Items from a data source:
= = = = =
Lemma quadC_shift p Ci w z j h : (j < p)%nat ->
  quadC p Ci w (shift z j h) - quadC p Ci w z =
  h * (sumC p (fun k => Ci j k * (z k - w k)) + sumC p (fun i => (z i - w i) * Ci i j)
       + h * Ci j j).
Proof.
  intros Hj.
  set (a i := z i - w i).
  change (quadC p Ci w z) with (sumC p (fun i => sumC p (fun k => a i * Ci i k * a k))).
  unfold quadC.
  set (d i := if Nat.eq_dec i j then h else C0).
  assert (Hs : forall i, Csub (shift z j h i) (RtoC (w i)) = a i + d i).
  { intros i; unfold shift, a, d; destruct (Nat.eq_dec i j); cring. }
  rewrite (sumC_ext _ _ (fun i => sumC p (fun k => a i * Ci i k * a k)
      + (if Nat.eq_dec i j then h * sumC p (fun k => Ci i k * (a k + d k)) else C0)
      + sumC p (fun k => if Nat.eq_dec k j then a i * Ci i k * h else C0))).
  2:{ intros i Hi; destruct (Nat.eq_dec i j).
      - rewrite <- sumC_scal, <- !sumC_add; apply sumC_ext; intros k Hk.
        rewrite !Hs; unfold d; destruct (Nat.eq_dec k j), (Nat.eq_dec i j); try lia; unfold a; cring.
      - rewrite Cplus_0_r, <- sumC_add; apply sumC_ext; intros k Hk.
        rewrite !Hs; unfold d; destruct (Nat.eq_dec k j), (Nat.eq_dec i j); try lia; unfold a; cring. }
  rewrite !sumC_add, sumC_delta by exact Hj.
  rewrite (sumC_ext p (fun i => sumC p (fun k => if Nat.eq_dec k j then a i * Ci i k * h else C0))
     (fun i => h * (a i * Ci i j))).
  2:{ intros i Hi; rewrite (sumC_delta p j (fun k => a i * Ci i k * h)) by exact Hj; ring. }
  rewrite (sumC_ext p (fun k => Ci j k * (a k + d k))
     (fun k => Ci j k * a k + (if Nat.eq_dec k j then Ci j k * h else C0))).
  2:{ intros k Hk; unfold d; destruct (Nat.eq_dec k j); cring. }
  rewrite sumC_add, sumC_delta, sumC_scal by exact Hj.
  unfold a; cring.
Qed.
(* Let $d \ge 1$, let $\mathcal{V}^s$ be a finite nonempty set (the source vocabulary) with embeddings $e_k^s \in \mathbb{R}^d$ for $k \in \mathcal{V}^s$, and let $\mathcal{V}^t$ be a finite set disjoint from $\mathcal{V}^s$ (the added target vocabulary) with embeddings $e_k^t \in \mathbb{R}^d$ for $k \in \mathcal{V}^t$. Suppose that $$\sup_{k \in \mathcal{V}^t} h^{\top} e_k^t \;\le\; \sup_{k \in \mathcal{V}^s} h^{\top} e_k^s \qquad \text{for all } h \in \mathbb{R}^d.$$ Then $\{e_k^t : k \in \mathcal{V}^t\}$ is a good initialization, i.e. for every prefix representation $h \in H$, the greedily decoded next word of the expanded model equals that of the source model: $\operatorname{argmax}_{j \in \mathcal{V}^s} p^s(j \mid h) = \operatorname{argmax}_{j \in \mathcal{V}^s \cup \mathcal{V}^t} p^t(j \mid h)$.
   Context: Setting: a language model maps a prefix (sequence of words) to a representation $h \in \mathbb{R}^d$ via a fixed map $\phi$ whose parameters are unchanged by vocabulary expansion. Let $H \subseteq \mathbb{R}^d$ be the set of representations $h = \phi(w_1,\dots,w_{i-1})$ of prefixes all of whose words lie in $\mathcal{V}^s$. The source model's next-word distribution is $p^s(j \mid h) = \exp(h^\top e_j^s)/\sum_{k \in \mathcal{V}^s}\exp(h^\top e_k^s)$ for $j \in \mathcal{V}^s$; the expanded model's is $p^t(j \mid h) = \exp(h^\top e_j)/\sum_{k \in \mathcal{V}^s \cup \mathcal{V}^t}\exp(h^\top e_k)$ for $j \in \mathcal{V}^s\cup\mathcal{V}^t$, where $e_j = e_j^s$ for $j \in \mathcal{V}^s$ and $e_j = e_j^t$ for $j \in \mathcal{V}^t$. Greedy decoding outputs the argmax. Tie-breaking convention: argmax uses a fixed ordering of $\mathcal{V}^s$ (the same in both models), and in the expanded model every word of $\mathcal{V}^s$ precedes every word of $\mathcal{V}^t$, ties being broken in favor of the earliest word. An initialization $\{e_k^t\}$ is called good if the two greedy outputs coincide for every $h \in H$. *)

From HB Require Import structures.
From mathcomp Require Import all_boot all_order all_algebra.
From mathcomp Require Import all_classical all_reals all_analysis.
Set Implicit Arguments. Unset Strict Implicit. Unset Printing Implicit Defensive.
Import Order.TTheory GRing.Theory Num.Theory.
Local Open Scope ring_scope.

Section Defs.
Variables (R : realType) (d : nat).

Definition dotp (h e : 'rV[R]_d) : R := \sum_(i < d) h 0 i * e 0 i.

Definition softmax (V : finType) (e : V -> 'rV[R]_d) (h : 'rV[R]_d) (j : V) : R :=
  expR (dotp h (e j)) / \sum_(k : V) expR (dotp h (e k)).

Definition is_greedy (V : finType) (before : rel V) (f : V -> R) (j : V) : bool :=
  [forall k, (f k < f j) || ((f k == f j) && before j k)].

(* greedy decoding: the argmax of f, ties broken in favor of the earliest word *)
Definition greedy (V : finType) (before : rel V) (f : V -> R) : option V :=
  [pick j | is_greedy before f j].
End Defs.

Definition rank_le (V : finType) (rk : V -> nat) : rel V := fun a b => (rk a <= rk b)%N.

(* expanded ordering: every source word precedes every added word *)
Definition sum_le (S T : finType) (rS : S -> nat) (rT : T -> nat) : rel (S + T) :=
  fun a b => match a, b with
  | inl x, inl y => (rS x <= rS y)%N
  | inl _, inr _ => true
  | inr _, inl _ => false
  | inr x, inr y => (rT x <= rT y)%N
  end.

Definition sum_emb (R : realType) (d : nat) (S T : finType)
  (es : S -> 'rV[R]_d) (et : T -> 'rV[R]_d) (k : S + T) : 'rV[R]_d :=
  match k with inl x => es x | inr y => et y end.

From HB Require Import structures.
From mathcomp Require Import all_boot all_order all_algebra.
From mathcomp Require Import all_classical all_reals all_analysis.
Import Order.TTheory GRing.Theory Num.Theory.
Local Open Scope ring_scope.

(* Softmax is a strictly increasing transform of the logits h^T e_k, so greedy
   decoding only sees the logits.  Take the source argmax j with the smallest
   rank; every source logit is at most h^T e_j, and by the hypothesis on the
   suprema so is every added logit.  Since every source word precedes every
   added word, inl j is still the earliest maximiser in the expanded
   vocabulary, and greedy decoding picks it by uniqueness of the earliest
   maximiser. *)

Section Greedy.
Context {R : realType} {V : finType} {before : rel V}.

Lemma is_greedy_ub {f : V -> R} {j : V} :
  is_greedy before f j -> forall k, f k <= f j.
Proof.
by move=> /forallP gj k; case/orP: (gj k) => [/ltW //|/andP[/eqP-> _]].
Qed.

Lemma is_greedy_comp_mono (g : R -> R) (f : V -> R) j :
  {mono g : x y / x <= y} -> is_greedy before (g \o f) j = is_greedy before f j.
Proof.
move=> g_mono; apply: eq_forallb => k /=.
by rewrite (leW_mono g_mono) (inj_eq (mono_inj lexx (@le_anti _ R) g_mono)).
Qed.

Hypothesis before_anti : antisymmetric before.

Lemma is_greedy_inj {f : V -> R} {j1 j2 : V} :
  is_greedy before f j1 -> is_greedy before f j2 -> j1 = j2.
Proof.
move=> /forallP/(_ j2)/orP[lt21|/andP[/eqP e21 b12]];
  move=> /forallP/(_ j1)/orP[lt12|/andP[/eqP e12 b21]].
- by have := lt_trans lt21 lt12; rewrite ltxx.
- by move: lt21; rewrite e12 ltxx.
- by move: lt12; rewrite e21 ltxx.
- by apply: before_anti; rewrite b12 b21.
Qed.

Lemma greedy_Some {f : V -> R} {j : V} :
  is_greedy before f j -> greedy before f = Some j.
Proof.
move=> gj; rewrite /greedy; case: pickP => [k gk|/(_ j)]; last by rewrite gj.
by rewrite (is_greedy_inj gk gj).
Qed.

End Greedy.

Lemma greedy_softmax {R : realType} {d : nat} {V : finType} (before : rel V)
  (e : V -> 'rV[R]_d) (h : 'rV[R]_d) :
  greedy before (softmax e h) = greedy before (fun k => dotp h (e k)).
Proof.
rewrite /greedy; apply: eq_pick => j.
pose Z := \sum_(i : V) expR (dotp h (e i)).
have Z_gt0 : 0 < Z.
  rewrite /Z (bigD1 j) //= ltr_wpDr ?expR_gt0 //.
  by apply: sumr_ge0 => i _; rewrite ltW ?expR_gt0.
apply: (@is_greedy_comp_mono R V before (fun x => expR x / Z)) => x y.
by rewrite ler_pM2r ?invr_gt0 // ler_expR.
Qed.

Lemma exists_is_greedy_rank_le {R : realType} {V : finType} (rk : V -> nat)
  (f : V -> R) : (0 < #|V|)%N -> exists j, is_greedy (rank_le rk) f j.
Proof.
case/card_gt0P => v0 _.
have [m _ f_le_m] := @arg_maxP _ _ _ v0 predT f isT.
have [j /eqP fjm j_min] := @arg_minnP _ m (fun i => f i == f m) rk (eqxx _).
exists j; apply/forallP => k; rewrite fjm.
have [fkm|fkm] := eqVneq (f k) (f m).
- by rewrite fkm ltxx /rank_le j_min ?fkm.
- by rewrite orbF lt_neqAle fkm; apply: f_le_m.
Qed.

Lemma rank_le_anti {V : finType} {rk : V -> nat} :
  injective rk -> antisymmetric (rank_le rk).
Proof. by move=> rk_inj x y /anti_leq/rk_inj. Qed.

Lemma sum_le_anti {S T : finType} {rS : S -> nat} {rT : T -> nat} :
  injective rS -> injective rT -> antisymmetric (sum_le rS rT).
Proof.
by move=> rS_inj rT_inj [x|x] [y|y] //= /anti_leq => [/rS_inj|/rT_inj] ->.
Qed.

Lemma is_greedy_inl {R : realType} {S T : finType}
  (rS : S -> nat) (rT : T -> nat) (F : S + T -> R) j :
  is_greedy (rank_le rS) (F \o inl) j -> (forall y, F (inr y) <= F (inl j)) ->
  is_greedy (sum_le rS rT) F (inl j).
Proof.
move=> /forallP gj F_le; apply/forallP => -[x|y] /=; first exact: gj.
by rewrite andbT orbC -le_eqVlt.
Qed.

Lemma ub_of_bigmax_le {R : realType} {V W : finType}
  {f : V -> R} {g : W -> R} {c : R} :
  (\big[Order.max/-oo%E]_w (g w)%:E <= \big[Order.max/-oo%E]_v (f v)%:E)%E ->
  (forall v, f v <= c) -> forall w, g w <= c.
Proof.
move=> max_le f_le w; rewrite -lee_fin.
apply: le_trans (le_bigmax _ (fun w => (g w)%:E) w) _.
apply: le_trans max_le _.
by apply: bigmax_le => [|v _]; rewrite ?leNye ?lee_fin.
Qed.

Theorem theorem1 (R : realType) (d : nat) (S T : finType)
  (es : S -> 'rV[R]_d) (et : T -> 'rV[R]_d)
  (rS : S -> nat) (rT : T -> nat) (phi : seq S -> 'rV[R]_d) :
  (0 < d)%N -> (0 < #|S|)%N -> injective rS -> injective rT ->
  (forall h : 'rV[R]_d,
     (\big[Order.max/-oo%E]_(k : T) (dotp h (et k))%:E <=
      \big[Order.max/-oo%E]_(k : S) (dotp h (es k))%:E)%E) ->
  forall (prefix : seq S), let h := phi prefix in
  omap inl (greedy (rank_le rS) (softmax es h)) =
  greedy (sum_le rS rT) (softmax (sum_emb es et) h).
Proof.
move=> _ S_gt0 rS_inj rT_inj sup_le prefix h; rewrite !greedy_softmax.
have [j gj] := exists_is_greedy_rank_le rS (fun k => dotp h (es k)) S_gt0.
have gST : is_greedy (sum_le rS rT) (fun k => dotp h (sum_emb es et k)) (inl j).
  apply: is_greedy_inl => // y /=.
  by apply: ub_of_bigmax_le (sup_le h) _ y => x; exact: (is_greedy_ub gj x).
rewrite (greedy_Some (rank_le_anti rS_inj) gj).
by rewrite (greedy_Some (sum_le_anti rS_inj rT_inj) gST).
Qed.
= = = = =
**ACTIVITY**
From the records above, copy out the line with "maximiser. *)", the line with "move=> /forallP/(_ j2)/orP[lt21|/andP[/eqP", and every line between them, word for word.

**EXERCISE RESPONSE**
   maximiser. *)

Section Greedy.
Context {R : realType} {V : finType} {before : rel V}.

Lemma is_greedy_ub {f : V -> R} {j : V} :
  is_greedy before f j -> forall k, f k <= f j.
Proof.
by move=> /forallP gj k; case/orP: (gj k) => [/ltW //|/andP[/eqP-> _]].
Qed.

Lemma is_greedy_comp_mono (g : R -> R) (f : V -> R) j :
  {mono g : x y / x <= y} -> is_greedy before (g \o f) j = is_greedy before f j.
Proof.
move=> g_mono; apply: eq_forallb => k /=.
by rewrite (leW_mono g_mono) (inj_eq (mono_inj lexx (@le_anti _ R) g_mono)).
Qed.

Hypothesis before_anti : antisymmetric before.

Lemma is_greedy_inj {f : V -> R} {j1 j2 : V} :
  is_greedy before f j1 -> is_greedy before f j2 -> j1 = j2.
Proof.
move=> /forallP/(_ j2)/orP[lt21|/andP[/eqP e21 b12]];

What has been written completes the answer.